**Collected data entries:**
::::
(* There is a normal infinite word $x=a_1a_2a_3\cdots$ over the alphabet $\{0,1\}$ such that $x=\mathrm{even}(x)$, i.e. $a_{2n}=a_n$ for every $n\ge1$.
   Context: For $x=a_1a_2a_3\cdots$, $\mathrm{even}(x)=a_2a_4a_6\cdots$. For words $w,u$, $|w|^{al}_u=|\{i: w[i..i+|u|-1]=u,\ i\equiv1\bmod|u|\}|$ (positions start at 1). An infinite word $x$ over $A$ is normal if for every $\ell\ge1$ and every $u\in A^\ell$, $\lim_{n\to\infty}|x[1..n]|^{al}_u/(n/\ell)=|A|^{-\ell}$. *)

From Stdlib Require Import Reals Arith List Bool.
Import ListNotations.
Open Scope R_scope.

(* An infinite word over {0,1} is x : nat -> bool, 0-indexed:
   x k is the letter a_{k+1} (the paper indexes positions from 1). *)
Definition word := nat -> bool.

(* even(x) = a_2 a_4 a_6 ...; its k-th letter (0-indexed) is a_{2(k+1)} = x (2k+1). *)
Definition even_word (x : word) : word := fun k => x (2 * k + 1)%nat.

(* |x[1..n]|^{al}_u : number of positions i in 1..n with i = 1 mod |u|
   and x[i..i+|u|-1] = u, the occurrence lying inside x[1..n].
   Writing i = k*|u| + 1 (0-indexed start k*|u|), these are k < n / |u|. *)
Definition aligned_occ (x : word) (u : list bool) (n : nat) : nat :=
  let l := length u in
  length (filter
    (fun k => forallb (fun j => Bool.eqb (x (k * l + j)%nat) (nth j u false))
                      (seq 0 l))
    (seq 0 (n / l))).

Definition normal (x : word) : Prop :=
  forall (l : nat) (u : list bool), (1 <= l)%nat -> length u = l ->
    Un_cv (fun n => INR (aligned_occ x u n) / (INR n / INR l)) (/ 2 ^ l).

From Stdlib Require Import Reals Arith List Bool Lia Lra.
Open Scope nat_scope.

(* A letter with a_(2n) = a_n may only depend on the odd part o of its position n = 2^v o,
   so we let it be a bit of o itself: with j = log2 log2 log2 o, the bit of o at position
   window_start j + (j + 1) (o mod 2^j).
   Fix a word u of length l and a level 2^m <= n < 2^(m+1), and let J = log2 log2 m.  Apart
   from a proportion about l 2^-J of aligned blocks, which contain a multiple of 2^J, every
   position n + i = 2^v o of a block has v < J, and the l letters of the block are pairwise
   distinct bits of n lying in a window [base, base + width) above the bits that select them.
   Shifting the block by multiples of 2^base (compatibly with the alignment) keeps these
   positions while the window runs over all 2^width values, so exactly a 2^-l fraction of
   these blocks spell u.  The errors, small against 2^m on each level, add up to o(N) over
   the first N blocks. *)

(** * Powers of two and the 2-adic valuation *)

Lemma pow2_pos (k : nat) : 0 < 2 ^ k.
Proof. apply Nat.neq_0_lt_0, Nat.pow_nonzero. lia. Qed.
::::
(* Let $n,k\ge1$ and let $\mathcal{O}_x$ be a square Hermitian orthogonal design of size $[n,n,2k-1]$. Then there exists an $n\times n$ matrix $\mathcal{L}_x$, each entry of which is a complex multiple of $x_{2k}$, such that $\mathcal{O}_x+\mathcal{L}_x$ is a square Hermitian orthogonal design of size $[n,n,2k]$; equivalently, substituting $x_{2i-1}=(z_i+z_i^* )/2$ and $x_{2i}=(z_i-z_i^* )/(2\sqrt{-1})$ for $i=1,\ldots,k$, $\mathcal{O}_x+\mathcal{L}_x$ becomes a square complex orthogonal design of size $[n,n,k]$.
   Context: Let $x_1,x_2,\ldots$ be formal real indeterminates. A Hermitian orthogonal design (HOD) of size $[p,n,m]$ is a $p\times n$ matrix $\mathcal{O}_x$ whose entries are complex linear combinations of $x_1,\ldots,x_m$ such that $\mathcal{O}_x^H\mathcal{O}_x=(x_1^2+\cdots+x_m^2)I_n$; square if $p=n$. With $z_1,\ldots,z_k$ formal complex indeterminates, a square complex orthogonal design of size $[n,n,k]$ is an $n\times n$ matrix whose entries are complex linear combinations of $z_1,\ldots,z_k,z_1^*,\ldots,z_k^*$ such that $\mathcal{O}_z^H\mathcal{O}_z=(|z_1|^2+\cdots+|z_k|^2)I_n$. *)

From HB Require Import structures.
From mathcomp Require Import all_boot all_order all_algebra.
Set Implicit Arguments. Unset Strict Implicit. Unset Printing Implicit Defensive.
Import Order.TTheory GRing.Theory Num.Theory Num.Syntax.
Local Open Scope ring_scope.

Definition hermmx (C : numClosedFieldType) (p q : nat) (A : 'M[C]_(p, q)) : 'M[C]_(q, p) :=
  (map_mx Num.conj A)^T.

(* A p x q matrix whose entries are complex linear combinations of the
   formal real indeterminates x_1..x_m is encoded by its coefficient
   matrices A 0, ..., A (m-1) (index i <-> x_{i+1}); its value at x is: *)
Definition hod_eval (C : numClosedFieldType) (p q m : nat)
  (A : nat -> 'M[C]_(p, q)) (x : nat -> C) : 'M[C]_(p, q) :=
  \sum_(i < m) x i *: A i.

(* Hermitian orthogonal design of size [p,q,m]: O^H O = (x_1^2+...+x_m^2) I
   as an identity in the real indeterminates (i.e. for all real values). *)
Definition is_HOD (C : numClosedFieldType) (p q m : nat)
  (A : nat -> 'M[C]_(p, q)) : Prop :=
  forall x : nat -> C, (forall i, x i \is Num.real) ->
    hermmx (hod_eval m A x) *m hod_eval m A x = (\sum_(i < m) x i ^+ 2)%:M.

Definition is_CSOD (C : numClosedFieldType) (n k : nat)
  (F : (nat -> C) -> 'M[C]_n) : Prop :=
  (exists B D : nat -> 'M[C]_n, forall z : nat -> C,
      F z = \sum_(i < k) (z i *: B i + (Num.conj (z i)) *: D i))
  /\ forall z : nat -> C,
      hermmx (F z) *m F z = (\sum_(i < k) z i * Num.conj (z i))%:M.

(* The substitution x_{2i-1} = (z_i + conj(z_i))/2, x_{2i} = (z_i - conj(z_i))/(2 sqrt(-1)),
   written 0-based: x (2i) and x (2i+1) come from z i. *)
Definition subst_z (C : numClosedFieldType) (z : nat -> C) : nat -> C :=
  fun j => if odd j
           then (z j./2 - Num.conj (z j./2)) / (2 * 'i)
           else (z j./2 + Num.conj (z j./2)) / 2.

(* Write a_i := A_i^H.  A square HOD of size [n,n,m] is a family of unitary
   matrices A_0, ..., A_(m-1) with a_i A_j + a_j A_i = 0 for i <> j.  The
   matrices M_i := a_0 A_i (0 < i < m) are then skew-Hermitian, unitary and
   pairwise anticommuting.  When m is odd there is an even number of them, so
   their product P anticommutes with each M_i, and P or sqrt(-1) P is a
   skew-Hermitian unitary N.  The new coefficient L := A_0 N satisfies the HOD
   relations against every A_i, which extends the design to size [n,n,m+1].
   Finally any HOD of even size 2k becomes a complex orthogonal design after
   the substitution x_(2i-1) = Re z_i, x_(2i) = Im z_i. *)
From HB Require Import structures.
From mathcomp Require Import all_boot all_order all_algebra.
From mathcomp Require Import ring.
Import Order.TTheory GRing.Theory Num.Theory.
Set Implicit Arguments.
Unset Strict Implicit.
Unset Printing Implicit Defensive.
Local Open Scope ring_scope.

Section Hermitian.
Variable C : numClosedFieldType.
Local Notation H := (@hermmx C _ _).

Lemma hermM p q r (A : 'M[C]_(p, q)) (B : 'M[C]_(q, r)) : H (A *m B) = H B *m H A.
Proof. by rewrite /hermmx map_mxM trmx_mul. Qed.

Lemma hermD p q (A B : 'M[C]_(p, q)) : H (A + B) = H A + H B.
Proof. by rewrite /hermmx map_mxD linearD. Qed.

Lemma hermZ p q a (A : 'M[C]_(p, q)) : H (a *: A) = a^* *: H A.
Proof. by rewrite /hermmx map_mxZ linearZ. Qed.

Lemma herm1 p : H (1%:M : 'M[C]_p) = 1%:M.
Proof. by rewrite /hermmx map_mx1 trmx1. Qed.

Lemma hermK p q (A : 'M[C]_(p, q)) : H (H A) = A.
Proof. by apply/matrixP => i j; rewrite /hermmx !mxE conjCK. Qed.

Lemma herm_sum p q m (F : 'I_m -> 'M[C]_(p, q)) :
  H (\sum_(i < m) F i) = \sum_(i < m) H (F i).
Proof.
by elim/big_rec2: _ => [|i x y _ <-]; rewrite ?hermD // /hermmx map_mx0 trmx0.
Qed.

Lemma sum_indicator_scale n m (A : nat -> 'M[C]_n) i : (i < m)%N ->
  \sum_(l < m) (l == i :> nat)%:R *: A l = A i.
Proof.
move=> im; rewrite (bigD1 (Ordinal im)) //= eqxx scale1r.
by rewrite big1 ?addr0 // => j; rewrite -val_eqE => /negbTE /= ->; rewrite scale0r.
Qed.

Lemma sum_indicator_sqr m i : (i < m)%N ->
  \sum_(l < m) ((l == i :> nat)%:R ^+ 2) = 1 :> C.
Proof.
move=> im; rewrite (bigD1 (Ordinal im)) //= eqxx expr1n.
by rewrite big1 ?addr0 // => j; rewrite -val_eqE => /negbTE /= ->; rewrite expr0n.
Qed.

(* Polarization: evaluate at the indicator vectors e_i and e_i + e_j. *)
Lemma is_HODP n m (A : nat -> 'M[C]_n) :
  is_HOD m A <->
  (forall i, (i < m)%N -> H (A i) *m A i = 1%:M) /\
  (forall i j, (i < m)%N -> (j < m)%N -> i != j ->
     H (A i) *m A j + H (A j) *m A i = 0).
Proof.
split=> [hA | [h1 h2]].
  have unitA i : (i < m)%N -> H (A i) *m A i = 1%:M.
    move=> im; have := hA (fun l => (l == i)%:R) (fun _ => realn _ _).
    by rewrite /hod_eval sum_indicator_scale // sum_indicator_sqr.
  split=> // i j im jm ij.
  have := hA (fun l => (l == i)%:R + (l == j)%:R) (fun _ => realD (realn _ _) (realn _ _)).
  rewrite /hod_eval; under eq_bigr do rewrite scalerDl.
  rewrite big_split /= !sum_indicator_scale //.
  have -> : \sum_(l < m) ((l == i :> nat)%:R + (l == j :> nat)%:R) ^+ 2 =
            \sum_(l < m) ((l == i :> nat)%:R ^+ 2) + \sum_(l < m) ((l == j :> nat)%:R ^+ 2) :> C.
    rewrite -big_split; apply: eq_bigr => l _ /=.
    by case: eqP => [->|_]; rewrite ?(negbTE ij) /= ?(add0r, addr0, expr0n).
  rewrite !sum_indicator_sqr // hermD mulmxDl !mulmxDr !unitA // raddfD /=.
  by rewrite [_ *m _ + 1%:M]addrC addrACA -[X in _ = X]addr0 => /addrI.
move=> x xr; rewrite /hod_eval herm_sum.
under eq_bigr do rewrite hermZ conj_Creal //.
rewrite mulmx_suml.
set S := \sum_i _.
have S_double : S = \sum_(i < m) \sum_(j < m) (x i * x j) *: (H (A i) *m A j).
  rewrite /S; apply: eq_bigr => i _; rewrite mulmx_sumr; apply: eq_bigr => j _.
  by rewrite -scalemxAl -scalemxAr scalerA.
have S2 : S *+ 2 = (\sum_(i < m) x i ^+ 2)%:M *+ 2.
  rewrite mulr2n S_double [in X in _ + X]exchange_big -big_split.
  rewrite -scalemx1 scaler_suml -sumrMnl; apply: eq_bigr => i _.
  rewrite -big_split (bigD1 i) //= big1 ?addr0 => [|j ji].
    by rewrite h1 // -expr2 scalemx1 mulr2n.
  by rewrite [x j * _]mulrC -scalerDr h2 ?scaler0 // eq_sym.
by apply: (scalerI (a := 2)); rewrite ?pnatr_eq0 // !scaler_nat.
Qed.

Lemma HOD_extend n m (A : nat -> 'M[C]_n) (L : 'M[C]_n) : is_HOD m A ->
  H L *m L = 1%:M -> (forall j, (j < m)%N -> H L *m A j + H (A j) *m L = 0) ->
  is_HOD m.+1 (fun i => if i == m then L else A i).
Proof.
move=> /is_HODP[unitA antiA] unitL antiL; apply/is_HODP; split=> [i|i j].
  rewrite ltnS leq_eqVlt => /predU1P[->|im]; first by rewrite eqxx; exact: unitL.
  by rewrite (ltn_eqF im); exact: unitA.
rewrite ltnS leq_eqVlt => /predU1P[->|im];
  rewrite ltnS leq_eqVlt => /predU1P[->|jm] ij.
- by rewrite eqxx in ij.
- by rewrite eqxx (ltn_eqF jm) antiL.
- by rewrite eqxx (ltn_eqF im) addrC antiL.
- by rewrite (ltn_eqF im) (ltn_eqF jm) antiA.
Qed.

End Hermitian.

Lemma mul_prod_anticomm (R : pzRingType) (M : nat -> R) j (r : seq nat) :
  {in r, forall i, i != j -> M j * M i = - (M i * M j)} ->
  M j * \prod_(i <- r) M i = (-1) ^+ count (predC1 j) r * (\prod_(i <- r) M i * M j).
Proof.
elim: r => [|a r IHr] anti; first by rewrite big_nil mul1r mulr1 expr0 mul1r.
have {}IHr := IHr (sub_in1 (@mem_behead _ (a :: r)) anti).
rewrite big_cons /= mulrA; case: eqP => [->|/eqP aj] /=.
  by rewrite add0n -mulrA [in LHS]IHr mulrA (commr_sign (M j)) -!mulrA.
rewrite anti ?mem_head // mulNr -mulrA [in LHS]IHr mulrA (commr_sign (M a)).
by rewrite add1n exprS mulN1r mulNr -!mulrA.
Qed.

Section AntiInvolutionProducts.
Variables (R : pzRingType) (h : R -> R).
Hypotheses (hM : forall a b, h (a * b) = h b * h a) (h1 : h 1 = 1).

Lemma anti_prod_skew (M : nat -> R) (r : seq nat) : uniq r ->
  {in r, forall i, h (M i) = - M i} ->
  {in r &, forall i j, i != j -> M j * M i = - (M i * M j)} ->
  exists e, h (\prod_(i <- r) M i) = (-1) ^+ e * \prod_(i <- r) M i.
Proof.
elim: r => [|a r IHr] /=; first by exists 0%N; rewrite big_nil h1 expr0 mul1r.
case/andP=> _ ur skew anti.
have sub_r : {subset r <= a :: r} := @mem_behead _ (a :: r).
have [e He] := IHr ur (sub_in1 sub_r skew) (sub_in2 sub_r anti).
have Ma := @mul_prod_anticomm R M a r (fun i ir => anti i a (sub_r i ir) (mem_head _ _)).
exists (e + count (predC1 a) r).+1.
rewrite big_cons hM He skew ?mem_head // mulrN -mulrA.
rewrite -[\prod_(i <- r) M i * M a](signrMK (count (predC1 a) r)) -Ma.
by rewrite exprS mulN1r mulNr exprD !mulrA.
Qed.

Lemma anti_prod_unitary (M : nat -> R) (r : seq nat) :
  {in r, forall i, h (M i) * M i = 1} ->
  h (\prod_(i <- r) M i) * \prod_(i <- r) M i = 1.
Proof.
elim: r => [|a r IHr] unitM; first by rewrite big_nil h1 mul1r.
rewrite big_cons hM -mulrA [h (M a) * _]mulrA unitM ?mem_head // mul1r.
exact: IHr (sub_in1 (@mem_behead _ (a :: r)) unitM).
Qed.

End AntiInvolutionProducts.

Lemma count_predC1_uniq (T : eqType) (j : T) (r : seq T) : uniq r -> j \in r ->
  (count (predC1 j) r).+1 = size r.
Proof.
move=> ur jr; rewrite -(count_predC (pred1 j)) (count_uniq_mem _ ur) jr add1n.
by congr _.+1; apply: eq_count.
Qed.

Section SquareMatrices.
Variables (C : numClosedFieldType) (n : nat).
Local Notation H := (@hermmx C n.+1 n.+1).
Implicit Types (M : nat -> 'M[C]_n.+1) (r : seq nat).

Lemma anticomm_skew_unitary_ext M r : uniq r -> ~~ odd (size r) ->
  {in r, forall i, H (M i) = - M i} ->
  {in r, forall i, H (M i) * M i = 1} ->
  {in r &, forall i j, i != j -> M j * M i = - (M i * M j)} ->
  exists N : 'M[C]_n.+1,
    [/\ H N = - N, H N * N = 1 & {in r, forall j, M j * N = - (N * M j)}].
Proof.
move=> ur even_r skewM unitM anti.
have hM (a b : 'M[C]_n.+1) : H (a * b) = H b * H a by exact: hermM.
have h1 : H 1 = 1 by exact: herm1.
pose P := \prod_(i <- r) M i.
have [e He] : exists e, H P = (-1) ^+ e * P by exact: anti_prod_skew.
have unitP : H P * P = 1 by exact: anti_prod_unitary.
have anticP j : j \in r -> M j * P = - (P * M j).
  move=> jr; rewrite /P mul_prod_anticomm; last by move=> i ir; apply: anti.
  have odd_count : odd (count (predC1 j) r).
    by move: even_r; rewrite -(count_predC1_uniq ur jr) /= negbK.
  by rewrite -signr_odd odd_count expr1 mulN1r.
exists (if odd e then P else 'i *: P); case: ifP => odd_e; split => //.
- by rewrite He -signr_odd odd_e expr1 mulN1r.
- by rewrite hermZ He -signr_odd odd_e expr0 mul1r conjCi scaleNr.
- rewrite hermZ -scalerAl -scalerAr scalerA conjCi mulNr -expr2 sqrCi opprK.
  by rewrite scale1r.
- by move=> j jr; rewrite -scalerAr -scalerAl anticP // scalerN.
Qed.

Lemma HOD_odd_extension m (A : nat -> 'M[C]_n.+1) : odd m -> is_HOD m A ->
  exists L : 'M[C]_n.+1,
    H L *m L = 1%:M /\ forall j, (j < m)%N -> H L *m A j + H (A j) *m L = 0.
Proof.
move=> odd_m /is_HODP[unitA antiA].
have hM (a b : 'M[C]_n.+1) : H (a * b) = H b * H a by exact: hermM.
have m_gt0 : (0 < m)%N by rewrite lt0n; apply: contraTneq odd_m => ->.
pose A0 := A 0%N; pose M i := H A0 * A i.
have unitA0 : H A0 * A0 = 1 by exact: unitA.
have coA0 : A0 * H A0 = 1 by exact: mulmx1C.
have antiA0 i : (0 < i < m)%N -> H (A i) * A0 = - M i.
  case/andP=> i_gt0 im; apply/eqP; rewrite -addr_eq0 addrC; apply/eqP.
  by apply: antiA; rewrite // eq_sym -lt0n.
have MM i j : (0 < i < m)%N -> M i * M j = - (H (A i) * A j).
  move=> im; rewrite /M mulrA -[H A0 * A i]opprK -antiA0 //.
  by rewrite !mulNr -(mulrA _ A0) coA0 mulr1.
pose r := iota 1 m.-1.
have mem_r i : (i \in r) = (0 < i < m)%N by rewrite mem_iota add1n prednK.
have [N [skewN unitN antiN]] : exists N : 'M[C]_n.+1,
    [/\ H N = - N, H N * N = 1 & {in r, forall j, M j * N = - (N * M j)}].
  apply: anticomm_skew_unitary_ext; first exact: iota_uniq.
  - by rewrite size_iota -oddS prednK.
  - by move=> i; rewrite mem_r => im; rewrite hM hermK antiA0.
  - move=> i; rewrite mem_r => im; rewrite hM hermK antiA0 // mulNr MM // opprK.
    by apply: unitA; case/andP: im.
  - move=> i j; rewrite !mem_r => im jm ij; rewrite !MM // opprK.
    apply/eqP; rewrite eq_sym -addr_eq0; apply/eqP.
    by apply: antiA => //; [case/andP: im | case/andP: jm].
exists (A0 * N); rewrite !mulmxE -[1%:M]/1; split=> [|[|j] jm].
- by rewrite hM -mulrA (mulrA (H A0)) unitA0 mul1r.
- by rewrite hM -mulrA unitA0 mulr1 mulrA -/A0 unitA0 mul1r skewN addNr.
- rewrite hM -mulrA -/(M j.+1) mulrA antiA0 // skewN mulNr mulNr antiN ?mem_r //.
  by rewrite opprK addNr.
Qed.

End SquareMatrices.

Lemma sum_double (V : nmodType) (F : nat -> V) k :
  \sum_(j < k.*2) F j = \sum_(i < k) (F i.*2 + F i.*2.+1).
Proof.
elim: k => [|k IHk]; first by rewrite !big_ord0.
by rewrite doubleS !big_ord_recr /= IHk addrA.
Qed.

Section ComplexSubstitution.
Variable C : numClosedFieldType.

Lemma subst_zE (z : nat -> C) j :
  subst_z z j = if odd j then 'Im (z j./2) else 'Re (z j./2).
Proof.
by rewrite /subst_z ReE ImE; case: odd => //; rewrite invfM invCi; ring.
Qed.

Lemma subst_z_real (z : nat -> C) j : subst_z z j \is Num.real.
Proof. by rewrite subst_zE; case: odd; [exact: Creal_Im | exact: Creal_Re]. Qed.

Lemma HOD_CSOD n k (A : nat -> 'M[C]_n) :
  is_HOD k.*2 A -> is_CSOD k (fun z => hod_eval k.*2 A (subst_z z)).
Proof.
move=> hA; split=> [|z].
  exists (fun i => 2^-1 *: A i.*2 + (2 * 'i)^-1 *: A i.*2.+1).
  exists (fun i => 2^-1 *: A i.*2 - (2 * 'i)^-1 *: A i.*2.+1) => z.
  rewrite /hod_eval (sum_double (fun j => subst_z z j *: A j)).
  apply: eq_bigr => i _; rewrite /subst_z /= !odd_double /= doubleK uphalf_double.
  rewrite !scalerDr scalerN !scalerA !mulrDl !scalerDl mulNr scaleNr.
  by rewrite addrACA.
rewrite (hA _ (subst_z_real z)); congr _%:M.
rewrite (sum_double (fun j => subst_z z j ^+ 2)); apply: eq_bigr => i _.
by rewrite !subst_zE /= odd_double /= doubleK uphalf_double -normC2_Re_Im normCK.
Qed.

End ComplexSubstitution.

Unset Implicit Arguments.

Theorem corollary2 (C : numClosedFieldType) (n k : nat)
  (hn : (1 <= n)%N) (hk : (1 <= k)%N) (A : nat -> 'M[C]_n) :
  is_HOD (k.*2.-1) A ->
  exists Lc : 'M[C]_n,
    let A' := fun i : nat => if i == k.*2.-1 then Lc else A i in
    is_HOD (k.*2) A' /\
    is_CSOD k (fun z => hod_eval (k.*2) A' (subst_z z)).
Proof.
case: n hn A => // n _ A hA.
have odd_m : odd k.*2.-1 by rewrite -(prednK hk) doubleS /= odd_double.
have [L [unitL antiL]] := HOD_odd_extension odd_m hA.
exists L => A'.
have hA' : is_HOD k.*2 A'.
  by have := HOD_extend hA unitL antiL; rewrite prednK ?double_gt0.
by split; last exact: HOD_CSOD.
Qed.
::::
**PROBLEM STATEMENT:** Print the lines above from the one with "(* There is" through the one with "length (filter", both included, exactly as written and nothing more.

**EXERCISE RESULT:**
(* There is a normal infinite word $x=a_1a_2a_3\cdots$ over the alphabet $\{0,1\}$ such that $x=\mathrm{even}(x)$, i.e. $a_{2n}=a_n$ for every $n\ge1$.
   Context: For $x=a_1a_2a_3\cdots$, $\mathrm{even}(x)=a_2a_4a_6\cdots$. For words $w,u$, $|w|^{al}_u=|\{i: w[i..i+|u|-1]=u,\ i\equiv1\bmod|u|\}|$ (positions start at 1). An infinite word $x$ over $A$ is normal if for every $\ell\ge1$ and every $u\in A^\ell$, $\lim_{n\to\infty}|x[1..n]|^{al}_u/(n/\ell)=|A|^{-\ell}$. *)

From Stdlib Require Import Reals Arith List Bool.
Import ListNotations.
Open Scope R_scope.

(* An infinite word over {0,1} is x : nat -> bool, 0-indexed:
   x k is the letter a_{k+1} (the paper indexes positions from 1). *)
Definition word := nat -> bool.

(* even(x) = a_2 a_4 a_6 ...; its k-th letter (0-indexed) is a_{2(k+1)} = x (2k+1). *)
Definition even_word (x : word) : word := fun k => x (2 * k + 1)%nat.

(* |x[1..n]|^{al}_u : number of positions i in 1..n with i = 1 mod |u|
   and x[i..i+|u|-1] = u, the occurrence lying inside x[1..n].
   Writing i = k*|u| + 1 (0-indexed start k*|u|), these are k < n / |u|. *)
Definition aligned_occ (x : word) (u : list bool) (n : nat) : nat :=
  let l := length u in
  length (filter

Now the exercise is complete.